Bei den Friesen, welche einen besonders starken Bezug zu Freyja hatten, wurde sie als Wal-Freyja zur Kriegsgöttin Baduenna. An der Seite Tiwaz / Tyr / Ziv war bei anderen Stämmen die Erdgöttin Tanfara, welche auffallende Ähnlichkeit mit Fjörgyn / Jörd aufweist. Bei vielen südgermanischen Stämmen haben wir die Percht / Berchta / Frau Holle. Hier mußte Hel eine Doppelfunktion als Todesgöttin und als Göttin des Lebens erfüllen.

Ähnlich der keltischen Göttin Ceritwen, ist sie für den ständigen Lauf des Lebensrades verantwortlich. Die Igdrasil finden wir in der sächsischen Irminsul wieder, wobei sie eine mehrschichtige Bedeutung hat.
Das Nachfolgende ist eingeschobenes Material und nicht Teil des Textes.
Lemma Wtot_local_diff :
  Wtot I q - Wtot I p = \sum_(i <- items I | loc I i \in S) bw I q i
                      - \sum_(i <- items I | loc I i \in S) bw I p i.
Proof.
have splitW (r : plan) : Wtot I r =
    \sum_(i <- items I | loc I i \in S) bw I r i +
    \sum_(i <- items I | loc I i \notin S) bw I r i by exact: bigID.
rewrite !splitW [X in _ - (_ + X)](eq_bigr (bw I q)) => [|i /negbTE]; first lra.
by rewrite /bw; have [->|/q_local->] := eqVneq (q i) (p i).
Qed.

Lemma wpos_twoopt_suffix k :
  (e <= k <= ncity I)%N -> wpos I t' q k = wpos I t p k + (Wtot I q - Wtot I p).
Proof.
move=> ek.
have split3 (F : nat -> R) : \sum_(0 <= i < k.+1) F i =
    \sum_(0 <= i < b) F i + \sum_(b <= i < e.+1) F i + \sum_(e.+1 <= i < k.+1) F i.
  by rewrite -!big_cat_nat //; lia.
have outside (l r : nat) : (r <= (ncity I).+1)%N -> (r <= b)%N || (e < l)%N ->
    \sum_(l <= i < r) wcity I q (t' i) = \sum_(l <= i < r) wcity I p (t i).
  by move=> rn lr; apply: eq_big_nat => i ilr; rewrite twoopt_out ?wcity_outside //; lia.
rewrite /wpos !split3 (outside 0%N b) ?(outside e.+1 k.+1) ?ltnSn ?orbT //; try lia.
rewrite Wtot_local_diff -(@big_seg_twoopt _ (wcity I p)) /wcity.
rewrite !big_seg_cities; lra.
Qed.

End Segment.

Section Evaluation.
Variables (R : realFieldType) (I : ttp R) (t : nat -> nat) (b e : nat) (q : plan).

Local Notation t' := (twoopt t b e).

Lemma eval_scan (s : st3 R) l :
  foldl (fun s i => ST3 (cw s + bw I q i) (ctime s) (ccost3 s).+1) s l =
  ST3 (cw s + \sum_(i <- l) bw I q i) (ctime s) (ccost3 s + size l).
Proof.
elim: l s => [|i l IH] s /=; first by rewrite big_nil addr0 addn0; case: s.
by rewrite IH /= big_cons addrA addSnnS.
Qed.

Lemma alg_eval_time Wp Wq wa taua :
  (b <= ncity I)%N ->
  wa b.-1 = wpos I t' q b.-1 -> taua b.-1 = tau I t' q b.-1 ->
  (forall k, (e <= k < ncity I)%N -> wa k.+1 + (Wq - Wp) = wpos I t' q k.+1) ->
  (alg_eval I t b e q Wp Wq wa taua).1 = Ttime I t' q.
Proof.
move=> bn wa_b taua_b wa_suffix; rewrite /alg_eval /=.
set F := (X in foldl X).
have loop m a s : (a + m <= ncity I)%N ->
    cw s = wpos I t' q a -> ctime s = tau I t' q a ->
    cw (foldl F s (iota a m)) = wpos I t' q (a + m) /\
    ctime (foldl F s (iota a m)) = tau I t' q (a + m).
  elim: m a s => [|m IH] a s am ws ts /=; first by rewrite addn0.
  rewrite -addSnnS; apply: IH; first lia.
  - rewrite /F; case: ifP => ea; rewrite ?eval_scan /= ?ws; last by apply: wa_suffix; lia.
    by rewrite /wpos [in RHS]big_nat_recr.
  - by rewrite /F; case: ifP => _; rewrite ?eval_scan /= ts ws /tau [in RHS]big_nat_recr.
have n_split : (b.-1 + (ncity I - b.-1) = ncity I)%N by lia.
have [_] := loop _ _ (ST3 (wa b.-1) (taua b.-1) 2) (eq_leq n_split) wa_b taua_b.
by rewrite n_split.
Qed.

Lemma alg_eval_cost Wp Wq wa taua :
  (0 < b)%N -> (b <= e)%N -> (e <= ncity I)%N ->
  (alg_eval I t b e q Wp Wq wa taua).2 =
  (ncity I - b.-1 + 2 + \sum_(k <- iota b (e - b).+1) size (items_at I (t' k)))%N.
Proof.
move=> b_gt0 be en; rewrite /alg_eval [LHS]/=.
set F := (X in foldl X).
rewrite (foldl_count (w := fun k => if (k.+1 <= e)%N then (size (items_at I (t' k.+1))).+1
                                     else 1%N)) => [|s k]; last first.
  by rewrite /F; case: ifP => _; rewrite ?eval_scan /= ?addn1 ?addSnnS.
have -> : (ncity I - b.-1 = (e - b).+1 + (ncity I - e))%N by lia.
rewrite iotaD big_cat.
rewrite (eq_big_seq (fun k => (size (items_at I (t' k.+1))).+1)) => [|k]; last first.
  by rewrite mem_iota => kbe; case: ifP => //; lia.
rewrite [X in (_ + (_ + X))%N](eq_big_seq (fun=> 1%N)) => [|k]; last first.
  by rewrite mem_iota => kbe; case: ifP => //; lia.
have shift : iota b (e - b).+1 = map succn (iota b.-1 (e - b).+1).
  by rewrite -{1}(prednK b_gt0) -add1n iotaDl.
rewrite sumnS sum1_size !size_iota shift big_map [ccost3 _]/=.
set X := (\sum_(_ <- _) _)%N; lia.
Qed.

End Evaluation.

Theorem mainTheorem11 :
  exists C : nat,
  forall (R : realFieldType) (I : ttp R) (t : nat -> nat) (p : plan) (b e : nat)
    (PiLa OmHa : nat -> \bar R) (Wp Pp : R) (wa taua : nat -> R),
    valid_ttp I ->
    is_solution I t p ->
    (0 < b)%N -> (b < e)%N -> (e < ncity I)%N ->
    (forall k, (1 <= k <= (ncity I).-1)%N -> PiLa k = PiL I t p k) ->
    (forall k, (1 <= k <= (ncity I).-1)%N -> OmHa k = OmH I t p k) ->
    Wp = Wtot I p ->
    Pp = Ptot I p ->
    (forall k, (k <= ncity I)%N -> wa k = wpos I t p k) ->
    (forall k, (k <= ncity I)%N -> taua k = tau I t p k) ->
    let '(q, Nval, cost) := algorithm I t p b e PiLa OmHa Wp Pp wa taua in
    (forall i, q i = pprime I t p b e i) /\
    Nval = Nobj I (twoopt t b e) (pprime I t p b e) /\
    (cost <= C * (ncity I - b + nitems_seg I t b e))%N.
Proof.
exists 6%N => R I t p b e PiLa OmHa Wp Pp wa taua _ [tour_t _] b_gt0 b_lt_e e_lt_n
  PiLaE OmHaE WpE PpE waE tauaE.
have b_le_e := ltnW b_lt_e.
have inner k : k \in iota b (e - b).+1 -> (1 <= k <= (ncity I).-1)%N by rewrite mem_iota; lia.
have s0p : represents I (ST p Wp Pp 0) p by split.
have [q_eq qW qP] := alg_phase2_represents (fun k kbe => OmHaE k (inner k kbe))
  (alg_phase1_represents (fun k kbe => PiLaE k (inner k kbe)) s0p).
have q_local := @pprime_local R I t p b e.
rewrite /algorithm; cbv zeta; rewrite q_eq qW qP.
case E: (alg_eval _ _ _ _ _ _ _ _ _) => [T' c3]; rewrite -/(pprime I t p b e).
have T'E : T' = Ttime I (twoopt t b e) (pprime I t p b e).
  have -> : T' = (T', c3).1 by []; rewrite -E; apply: alg_eval_time; try lia.
  - by rewrite waE ?(wpos_twoopt_prefix tour_t b_gt0 b_le_e e_lt_n q_local) //; lia.
  - by rewrite tauaE ?(tau_twoopt_prefix tour_t b_gt0 b_le_e e_lt_n q_local) //; lia.
  - move=> k ek.
    by rewrite waE ?(wpos_twoopt_suffix tour_t b_gt0 b_le_e e_lt_n q_local) ?WpE //; lia.
split=> //; split; first by rewrite T'E.
have -> : c3 = (T', c3).2 by [].
rewrite -E alg_eval_cost ?alg_phase2_cost ?alg_phase1_cost //; try lia.
rewrite (nitems_seg_sum tour_t) // /=; set X := (\sum_(_ <- _) _)%N; lia.
Qed.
Sowohl die Weltenesche als auch die befruchtende Verbindung zwischen Sonne und Erde sind in ihr symbolisiert. Wir sehen in der Irminsul auch die Verbindung zwischen den göttlichen und irdischen Ebenen.

Kraftvolle Symboliken spielen in der germanischen Religion eine große Rolle. So sind die schon erwähnten Runen nicht nur ein Schlüssel zum Unterbewußtsein, sondern erschließen uns auch das Verständnis für die Natur. Damit meine ich nicht alleine das, was wir heute unter „Naturwissenschaften“ verstehen, sondern die vollständigen, natürlichen Zusammenhänge und Transaktionen der sich gegenseitig beeinflussenden Ebenen.

Wie jede ursprüngliche Religion sind auch unsere germanischen Vorfahren einer „Ganzheitlichen Naturwissenschaft“ sehr nahe und somit muß jeder vollwertige germanische Priester / Gode, auch Philosoph, Metaphysiker, Naturwissenschaftler, Dichter, Heiler und Psychologe sein. Natürlich sind viele der heiligen Symbole im Laufe der jüngeren Geschichte mißbraucht worden und werden es zuweilen immer noch.

Ich halte es allerdings für ein Unding, daß von sehr vielen Menschen in der jetzigen Zeit diese uralten heiligen Zeichen anhand ihres Mißbrauchs und nicht nach ihrer tatsächlichen Bedeutung beurteilt werden. Innerhalb unserer heiligen Tradition unterscheiden wir sehr wohl zwischen Gebrauch und Mißbrauch, denn wir richten erhebliches Augenmerk darauf alles differenziert – und bei Bedarf auch distanziert – zu betrachten.

Nur so ist es möglich, ein klares und unverfälschtes Bild wahrzunehmen. Grundlegende Voraussetzung für jeden neuen Schüler ist die Aufarbeitung seiner Kopplungen, Prägungen und Programmierungen, bevor die eigentlichen Unterweisungen beginnen können. So basiert unsere alte Religion in erheblichen Maße auch darauf Zusammenhänge zu erkennen und verantwortungsvoll zu handeln. Die Natur und ihre Rhythmen sind ein weiterer wichtiger Faktor. Daher sind die Jahresfeste nicht nur in der Vergangenheit Angelpunkte des germanischen Lebens gewesen, sondern haben für uns auch in der jetzigen Zeit eine große Bedeutung.